Kosilek, formerly known as Robert Kosilek, was found guilty in 1990 of murdering his wife, Cheryl McCaul.

The judge held last month that Kosilek suffers from a gender identity disorder and ruled that the DOC must take all actions reasonably necessary to provide the inmate with sex reassignment surgery as promptly as possible

In response, the DOC moved for a stay pending appeal.

Wolf ruled in a six-page decision (Lawyers Weekly No. 02-500-02) that the DOC should be given the opportunity to state its position on the court’s authority to modify the order while the appeal is pending.

Kosilek opposed the motion to stay in two limited respects, Wolf wrote.

“First, while Kosilek recognizes that it may be appropriate to stay the requirement that the surgery be performed until defendant’s appeal has been decided, he asserts that the court should not modify the requirement that the defendant take all steps reasonably necessary to perform the surgery promptly if the appeal is denied,” the judge said. “Second, Kosilek argues that any stay should be conditioned on a requirement that the defendant not seek any extensions that would delay a decision on appeal.”

Wolf said it appeared that if a stay pending appeal was justified, he had the authority to grant it by modifying the injunction he had issued requiring the DOC to take all actions reasonably necessary to promptly provide Kosilek with the surgery.
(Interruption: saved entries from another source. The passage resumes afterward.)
(* Let $A$ be an $n\times n$ Hermitian matrix ($n\ge2$) with eigenvalues $\lambda_1\ge\dots\ge\lambda_n$ and corresponding orthonormal eigenvectors $v_1,\dots,v_n$. Let $u\in\mathbb C^n$ be a unit vector, and let $\mu_1\ge\dots\ge\mu_{n-1}$ be the eigenvalues of the compression $B=P_uAP_u|_{u^\perp}$, $P_u=I-uu^*$. Set $U_\ell(u):=\sum_{i=\ell}^n|\langle u,v_i\rangle|^2$ and $L_{r+1}(u):=\sum_{i=1}^{r+1}|\langle u,v_i\rangle|^2$. Then for all $1\le\ell\le r\le n-1$ with $U_\ell(u)\ne0$ and $L_{r+1}(u)\ne0$, $$\sum_{j=\ell}^r\lambda_{j+1}+\sum_{j=\ell}^r\frac{|\langle u,v_{j+1}\rangle|^2}{L_{r+1}(u)}(\lambda_\ell-\lambda_{j+1})\le\sum_{j=\ell}^r\mu_j\le\sum_{j=\ell}^r\lambda_j-\sum_{j=\ell}^r\frac{|\langle u,v_j\rangle|^2}{U_\ell(u)}(\lambda_j-\lambda_{r+1}).$$
   Context: $B$ is the compression of $A$ onto the hyperplane $u^\perp$, i.e. the operator $x\mapsto P_uAx$ on $u^\perp$ (equivalently $U^*AU$ for $U$ with orthonormal columns spanning $u^\perp$). *)

From HB Require Import structures.
From mathcomp Require Import all_boot all_order all_algebra.
Set Implicit Arguments. Unset Strict Implicit. Unset Printing Implicit Defensive.
Import Order.TTheory GRing.Theory Num.Theory.
Local Open Scope ring_scope.

Definition ctrmx (C : numClosedFieldType) m n (M : 'M[C]_(m, n)) : 'M[C]_(n, m) :=
  (map_mx Num.conj M)^T.

Definition cdot (C : numClosedFieldType) n (x y : 'cV[C]_n) : C :=
  (ctrmx y *m x) 0 0.

(* Compression of A onto the orthogonal complement of u, represented by
   U : 'M_(n, n-1) with orthonormal columns spanning u^perp:  B = U^* A U. *)
Definition compression (C : numClosedFieldType) n (A : 'M[C]_n)
  (U : 'M[C]_(n, n.-1)) : 'M[C]_(n.-1) := ctrmx U *m A *m U.

From HB Require Import structures.
From mathcomp Require Import all_boot all_order all_algebra.
From mathcomp Require Import perm zify ring.
(* Let $n\ge1$, $0<q<\infty$ and $\pi\sim\mu_{n,q}$. Then $\mathrm{Var}(\mathrm{LIS}(\pi))\le n-1$. Furthermore, for all $t>0$, $$\mathbb{P}\big(|\mathrm{LIS}(\pi)-\mathbb{E}(\mathrm{LIS}(\pi))|>t\sqrt{n-1}\big)<2e^{-t^2/2}.$$
   Context: For $q>0$ and an integer $n\ge1$, the Mallows measure $\mu_{n,q}$ on $S_n$ is $\mu_{n,q}(\pi)=q^{\mathrm{inv}(\pi)}/Z_{n,q}$, where $\mathrm{inv}(\pi)$ is the number of pairs $i<j$ with $\pi(i)>\pi(j)$ and $Z_{n,q}$ is the normalizing constant. $\mathrm{LIS}(\pi)$ denotes the length of a longest increasing subsequence of $\pi$. *)

From HB Require Import structures.
From mathcomp Require Import all_boot all_order all_algebra all_fingroup.
From mathcomp Require Import reals.
From mathcomp Require Import sequences exp.
Set Implicit Arguments. Unset Strict Implicit. Unset Printing Implicit Defensive.
Import Order.TTheory GRing.Theory Num.Theory.
Local Open Scope ring_scope.

Definition inv_perm (n : nat) (s : 'S_n) : nat :=
  #|[set p : 'I_n * 'I_n | (p.1 < p.2)%N && (s p.2 < s p.1)%N]|.

Definition increasing_on (n : nat) (s : 'S_n) (A : {set 'I_n}) : bool :=
  [forall i in A, forall j in A, (i < j)%N ==> (s i < s j)%N].

Definition LIS (n : nat) (s : 'S_n) : nat :=
  \max_(A : {set 'I_n} | increasing_on s A) #|A|.

Definition mallowsZ (R : realType) (n : nat) (q : R) : R :=
  \sum_(s : 'S_n) q ^+ inv_perm s.
Definition mallows (R : realType) (n : nat) (q : R) (s : 'S_n) : R :=
  q ^+ inv_perm s / mallowsZ n q.

Definition mallows_E (R : realType) (n : nat) (q : R) (X : 'S_n -> R) : R :=
  \sum_(s : 'S_n) mallows q s * X s.
Definition mallows_P (R : realType) (n : nat) (q : R) (E : pred 'S_n) : R :=
  \sum_(s : 'S_n | E s) mallows q s.
Definition mallows_Var (R : realType) (n : nat) (q : R) (X : 'S_n -> R) : R :=
  mallows_E q (fun s => (X s - mallows_E q X) ^+ 2).

Definition LISR (R : realType) (n : nat) (s : 'S_n) : R := (LIS s)%:R.

From HB Require Import structures.
From mathcomp Require Import all_boot all_order all_algebra all_fingroup.
From mathcomp Require Import reals.
From mathcomp Require Import sequences exp.
From mathcomp Require Import zify ring lra.
Import Order.TTheory GRing.Theory Num.Theory.
Local Open Scope ring_scope.
Set Implicit Arguments. Unset Strict Implicit. Unset Printing Implicit Defensive.

(* Sample the Mallows permutation sequentially: its first value a has the truncated geometric
   law q^a / (1 + q + ... + q^n), independently of the pattern of the remaining values, which
   is again Mallows, because inv (lift_perm 0 a s) = a + inv s.  Changing a single step of this
   sampling changes LIS by at most one.  Conditionally on the first step the means of such a
   function lie in an interval of length 1, so they have variance at most 1/4 and, for
   |lam| <= 1, exponential moment at most exp (lam^2 / 2) (from e^u <= 1 + u + 2 u^2).
   Induction gives Var <= n - 1 and E exp (lam (LIS - E LIS)) <= exp ((n - 1) lam^2 / 2);
   Chernoff's bound with lam = t / sqrt (n - 1) yields the tail estimate, and for larger t the
   event is empty since |LIS - E LIS| <= n - 1. *)

Lemma ltn_lift n (h : 'I_n.+1) (i j : 'I_n) : (lift h i < lift h j)%N = (i < j)%N.
Proof. by rewrite !ltnNge leq_bump2. Qed.

Lemma ltn_lift_pivot n (h : 'I_n.+1) (i : 'I_n) : (lift h i < h)%N = (i < h)%N.
Proof. by rewrite !ltnNge /= leq_bump /unbump ltnn subn0. Qed.

Lemma lift_perm0_bij n :
  bijective (fun p : 'I_n.+1 * 'S_n => lift_perm ord0 p.1 p.2).
Proof.
apply: inj_card_bij; last by rewrite card_prod card_ord !card_Sn factS.
move=> [a s] [b t] /= eq_st.
have eq_ab : a = b by rewrite -(lift_perm_id ord0 a s) eq_st lift_perm_id.
subst b; congr pair; apply/permP => k; apply: (@lift_inj _ a).
by rewrite -(lift_perm_lift ord0 a s) -(lift_perm_lift ord0 a t) eq_st.
Qed.

Lemma lift_perm0P n (p : 'S_n.+1) : exists a s, p = lift_perm ord0 a s.
Proof. by have [g _ gK] := lift_perm0_bij n; exists (g p).1, (g p).2; rewrite gK. Qed.

Lemma big_lift_perm0 (V : nmodType) n (F : 'S_n.+1 -> V) :
  \sum_(s : 'S_n.+1) F s = \sum_(a : 'I_n.+1) \sum_(s : 'S_n) F (lift_perm ord0 a s).
Proof. by rewrite pair_bigA (reindex _ (onW_bij _ (lift_perm0_bij n))). Qed.

Lemma inv_perm_sum n (s : 'S_n) :
  inv_perm s = (\sum_(i : 'I_n) \sum_(j : 'I_n) ((i < j)%N && (s j < s i)%N))%N.
Proof.
rewrite /inv_perm -sum1_card pair_bigA big_mkcond /=.
by apply: eq_bigr => p _; rewrite inE; case: ifP.
Qed.

Lemma inv_lift_perm0 n (a : 'I_n.+1) (s : 'S_n) :
  inv_perm (lift_perm ord0 a s) = (a + inv_perm s)%N.
Proof.
rewrite !inv_perm_sum big_ord_recl big_ord_recl /= add0n lift_perm_id.
congr (_ + _)%N.
  under eq_bigr do rewrite lift_perm_lift ltn_lift_pivot.
  rewrite (reindex_inj (@perm_inj _ s^-1)) /=.
  under eq_bigr do rewrite permKV.
  have a_le_n : (a <= n)%N by rewrite -ltnS.
  by rewrite -big_mkcond /= (big_ord_narrow a_le_n) sum1_card card_ord.
apply: eq_bigr => i _; rewrite big_ord_recl /= add0n.
by apply: eq_bigr => j _; rewrite !lift_perm_lift ltn_lift ltnS.
Qed.

Section LongestIncreasing.
Variable n : nat.
Implicit Types (p : 'S_n) (A : {set 'I_n}).

Lemma increasing_onP p A :
  reflect {in A &, forall x y : 'I_n, (x < y)%N -> (p x < p y)%N} (increasing_on p A).
Proof.
apply: (iffP forall_inP) => [inc x y xA yA | inc x xA].
  by move/forall_inP/(_ y yA)/implyP: (inc x xA).
by apply/forall_inP => y yA; apply/implyP; apply: inc.
Qed.

Lemma leq_card_LIS p A : increasing_on p A -> (#|A| <= LIS p)%N.
Proof. exact: (@leq_bigmax_cond _ (increasing_on p) (fun B : {set 'I_n} => #|B|)). Qed.

Lemma LIS_witness p : exists2 A, increasing_on p A & LIS p = #|A|.
Proof.
have inc0 : increasing_on p set0 by apply/increasing_onP => x; rewrite inE.
have [|A] := eq_bigmax_cond (fun B : {set 'I_n} => #|B|) (A := increasing_on p).
  by apply/card_gt0P; exists set0.
by exists A.
Qed.

End LongestIncreasing.

(* p1 and p2 differ only through the i-th step of the sequential sampling of the Mallows
   permutation: same values before position i, same relative order after it. *)
Definition agree_off n (i : nat) (p1 p2 : 'S_n) : Prop :=
  (forall j : 'I_n, (j < i)%N -> p1 j = p2 j) /\
  (forall j k : 'I_n, (i < j)%N -> (i < k)%N -> (p1 j < p1 k)%N = (p2 j < p2 k)%N).

Lemma agree_off_sym n i (p1 p2 : 'S_n) : agree_off i p1 p2 -> agree_off i p2 p1.
Proof. by case=> eq_before ltn_after; split=> *; rewrite (eq_before, ltn_after). Qed.

Section AgreeOff.
Variables (n i : nat) (p1 p2 : 'S_n).
Hypothesis eq_before : forall j : 'I_n, (j < i)%N -> p1 j = p2 j.
Hypothesis ltn_after :
  forall j k : 'I_n, (i < j)%N -> (i < k)%N -> (p1 j < p1 k)%N = (p2 j < p2 k)%N.

Definition tail_rank (p : 'S_n) (c : nat) :=
  #|[set k : 'I_n | (i <= k)%N && (p k < c)%N]|.

Lemma tail_rank_eq c : tail_rank p1 c = tail_rank p2 c.
Proof.
pose before (p : 'S_n) := [set k : 'I_n | (p k < c)%N] :&: [set k : 'I_n | (k < i)%N].
have split_lt (p : 'S_n) :
    #|[set v : 'I_n | (v < c)%N]| = (#|before p| + tail_rank p c)%N.
  rewrite -(card_preimset _ (@perm_inj _ p)).
  rewrite -(cardsID [set k : 'I_n | (k < i)%N] (p @^-1: [set v : 'I_n | (v < c)%N])).
  by congr (_ + _)%N; apply: eq_card => k; rewrite !inE // -leqNgt andbC.
have before12 : before p1 = before p2.
  apply/setP => k; rewrite !inE; case: (ltnP k i) => [k_lt_i|]; last by rewrite !andbF.
  by rewrite eq_before.
by apply/(@addnI (#|before p1|)); rewrite -split_lt before12 -split_lt.
Qed.

Lemma tail_rank_lt (p : 'S_n) (k : 'I_n) (c : nat) :
  (i <= k)%N -> (p k < c)%N -> ((tail_rank p (p k)).+1 <= tail_rank p c)%N.
Proof.
move=> ik pkc; apply: proper_card; apply/properP; split.
  by apply/subsetP => k'; rewrite !inE => /andP[-> /ltn_trans->].
by exists k; rewrite !inE ?ltnn ik.
Qed.

Lemma tail_rank_after (y : 'I_n) :
  (i < y)%N -> (tail_rank p1 (p1 y) <= (tail_rank p2 (p2 y)).+1)%N.
Proof.
move=> iy; pose after (p : 'S_n) := [set k : 'I_n | (i < k)%N && (p k < p y)%N].
have after12 : after p1 = after p2.
  by apply/setP => k; rewrite !inE; case: ltnP => //= ik; rewrite ltn_after.
have at_i : (#|[set k : 'I_n | val k == i]| <= 1)%N.
  by apply/card_le1_eqP => x z; rewrite !inE => /eqP xi /eqP zi; apply: val_inj; rewrite xi zi.
have split1 : (tail_rank p1 (p1 y) <= #|[set k : 'I_n | val k == i]| + #|after p1|)%N.
  apply: leq_trans (leq_card_setU _ _); apply: subset_leq_card; apply/subsetP => k.
  by rewrite !inE leq_eqVlt eq_sym => /andP[/orP[->|->] ->]; rewrite ?orbT.
have after2 : (#|after p2| <= tail_rank p2 (p2 y))%N.
  by apply: subset_leq_card; apply/subsetP => k; rewrite !inE => /andP[/ltnW-> ->].
rewrite after12 in split1; lia.
Qed.

(* Positions >= i carry the same values under p1 and p2, so the rank of p2 y among them is
   at least that of p1 y minus one (for position i). *)
Lemma leq_tail_after (e y : 'I_n) :
  (i <= e)%N -> (i < y)%N -> (p1 e < p1 y)%N -> (p1 e <= p2 y)%N.
Proof.
move=> ie iy ey; rewrite leqNgt; apply/negP => ye.
have := tail_rank_lt (ltnW iy) ye; rewrite -(tail_rank_eq (p1 e)).
have := tail_rank_lt ie ey; have := tail_rank_after iy; lia.
Qed.
(* Let $\mathcal{H}$ be a finite-dimensional real inner-product space with norm $\|\cdot\|_{\mathcal{H}}$, and let $\mathscr{R}_*:\mathcal{H}\to\mathcal{H}$ be a continuous quasinonexpansive operator with nonempty fixed-point set $\mathrm{Fix}(\mathscr{R}_* )$. Let $(\mathscr{R}^{(k)})_{k\in\mathbb{N}}$ be a sequence of (possibly random) operators $\mathcal{H}\to\mathcal{H}$, and consider the iteration \[ x^{(k+1)} = (1-\gamma^{(k)})\,x^{(k)} + \gamma^{(k)}\,\mathscr{R}^{(k)}(x^{(k)}), \qquad k\in\mathbb{N}, \] with step sizes $\gamma^{(k)}\in[0,1]$ satisfying $\sum_{k\in\mathbb{N}}\gamma^{(k)}(1-\gamma^{(k)}) = +\infty$. Define the error $\epsilon^{(k)} \coloneqq \mathscr{R}^{(k)}(x^{(k)}) - \mathscr{R}_*(x^{(k)})$ and $\varepsilon^{(k)} \coloneqq \|\epsilon^{(k)}\|_{\mathcal{H}}$. Let $(\mathcal{F}_k)_{k\in\mathbb{N}}$ be a filtration such that $x^{(k)}$ is $\mathcal{F}_k$-measurable for each $k$. Suppose that almost surely the sequence $(x^{(k)})_{k\in\mathbb{N}}$ is bounded and $\sum_{k\in\mathbb{N}}\gamma^{(k)}\,\mathbb{E}[\varepsilon^{(k)}\mid\mathcal{F}_k] < +\infty$. Then $(x^{(k)})_{k\in\mathbb{N}}$ converges almost surely to a (random) point $x^\dagger \in \mathrm{Fix}(\mathscr{R}_* )$.
   Context: An operator $\mathscr{R}_*:\mathcal{H}\to\mathcal{H}$ is quasinonexpansive if $\mathrm{Fix}(\mathscr{R}_* )=\{x:\mathscr{R}_*(x)=x\}$ is nonempty and $\|\mathscr{R}_*(x)-x^*\|_{\mathcal{H}}\le\|x-x^*\|_{\mathcal{H}}$ for all $x\in\mathcal{H}$ and all $x^*\in\mathrm{Fix}(\mathscr{R}_* )$. All random objects are defined on a common probability space. *)

From HB Require Import structures.
From mathcomp Require Import all_boot all_order all_algebra.
From mathcomp Require Import all_classical all_reals all_analysis.
From mathcomp Require Import measurable_realfun.
Set Implicit Arguments. Unset Strict Implicit. Unset Printing Implicit Defensive.
Import Order.TTheory GRing.Theory Num.Theory.
Import numFieldNormedType.Exports.
Local Open Scope classical_set_scope.
Local Open Scope ring_scope.

(* The finite-dimensional real inner-product space H is modelled as
   'rV[R]_n with the standard (Euclidean) inner product; every
   n-dimensional real inner-product space is isometric to it. *)

Definition edot {R : realType} {n : nat} (u v : 'rV[R]_n) : R :=
  \sum_(i < n) u ord0 i * v ord0 i.
Definition enorm {R : realType} {n : nat} (v : 'rV[R]_n) : R :=
  Num.sqrt (edot v v).

Definition Fix {R : realType} {n : nat} (F : 'rV[R]_n -> 'rV[R]_n) : set 'rV[R]_n :=
  [set x | F x = x].
Definition quasinonexpansive {R : realType} {n : nat} (F : 'rV[R]_n -> 'rV[R]_n) : Prop :=
  Fix F !=set0 /\
  forall x xs, Fix F xs -> enorm (F x - xs) <= enorm (x - xs).

Definition G_measurable_R {d} {T : measurableType d} {R : realType}
  (G : set (set T)) (f : T -> R) : Prop :=
  forall B : set R, measurable B -> G (f @^-1` B).
Definition G_measurable_eR {d} {T : measurableType d} {R : realType}
  (G : set (set T)) (f : T -> \bar R) : Prop :=
  forall B : set (\bar R), measurable B -> G (f @^-1` B).
(* An R^n-valued map is G-measurable (Borel) iff all its coordinates are. *)
Definition G_measurable_vec {d} {T : measurableType d} {R : realType} {n : nat}
  (G : set (set T)) (f : T -> 'rV[R]_n) : Prop :=
  forall i : 'I_n, G_measurable_R G (fun w => f w ord0 i).

Definition filtration {d} {T : measurableType d} (F : nat -> set (set T)) : Prop :=
  (forall k, sigma_algebra setT (F k)) /\
  (forall k, F k `<=` measurable) /\
  (forall k, F k `<=` F k.+1).

(** Y is a version of the (generalized) conditional expectation E[X | G]
    of the nonnegative random variable X. *)
Definition cond_exp_nonneg {d} {T : measurableType d} {R : realType}
  (P : probability T R) (G : set (set T)) (X Y : T -> \bar R) : Prop :=
  [/\ measurable_fun setT X, (forall w, (0 <= X w)%E),
      G_measurable_eR G Y, (forall w, (0 <= Y w)%E) &
      forall A, G A -> (\int[P]_(w in A) Y w = \int[P]_(w in A) X w)%E].

From HB Require Import structures.
From mathcomp Require Import all_boot all_order all_algebra.
From mathcomp Require Import all_classical all_reals all_analysis.
From mathcomp Require Import measurable_realfun.
From mathcomp Require Import ring lra.
Set Implicit Arguments. Unset Strict Implicit. Unset Printing Implicit Defensive.
Import Order.TTheory GRing.Theory Num.Theory.
Import numFieldNormedType.Exports.
Local Open Scope classical_set_scope.
Local Open Scope ring_scope.

(* Pathwise, the iteration is a Krasnosel'skii-Mann scheme for [R*] perturbed
   by the errors [e_k = R^(k) x_k - R* x_k].  If [sum gamma_k |e_k|] is finite,
   the distance to every fixed point is quasi-Fejer, and the identity
     |(1 - g) u + g v|^2 = (1 - g) |u|^2 + g |v|^2 - g (1 - g) |u - v|^2
   makes [sum gamma_k (1 - gamma_k) |x_k - R* x_k|^2] finite; as
   [sum gamma_k (1 - gamma_k)] diverges, the residual [|x_k - R* x_k|] has
   liminf 0.  A cluster point of the bounded iterates along small residuals is
   fixed by continuity of [R*], and quasi-Fejer monotonicity then forces the
   whole sequence to converge to it.
   Almost surely [sum gamma_k |e_k|] is finite: the partial sums of
   [gamma_k E[|e_k| | F_k]] are adapted, so on the events where they stay below
   [M] the truncated series of [gamma_k |e_k|] has expectation at most [M]. *)

Section euclidean.
Variables (R : realType) (n : nat).
Implicit Types (u v w : 'rV[R]_n) (a : R).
Those actions include arranging for a doctor to perform the procedure, the judge said.

“It also appears that the court could order defendant to provide periodic reports on the progress of its efforts,” he wrote. “Such conditions may be necessary and appropriate to strike an equitable balance between preserving the availability of relief from the injunction to which the defendant will be entitled if he prevails on appeal and minimizing the serious harm Kosilek will continue to suffer during the pendency of the appeal and the time it will take to arrange his sex reassignment surgery if the appeal is denied.”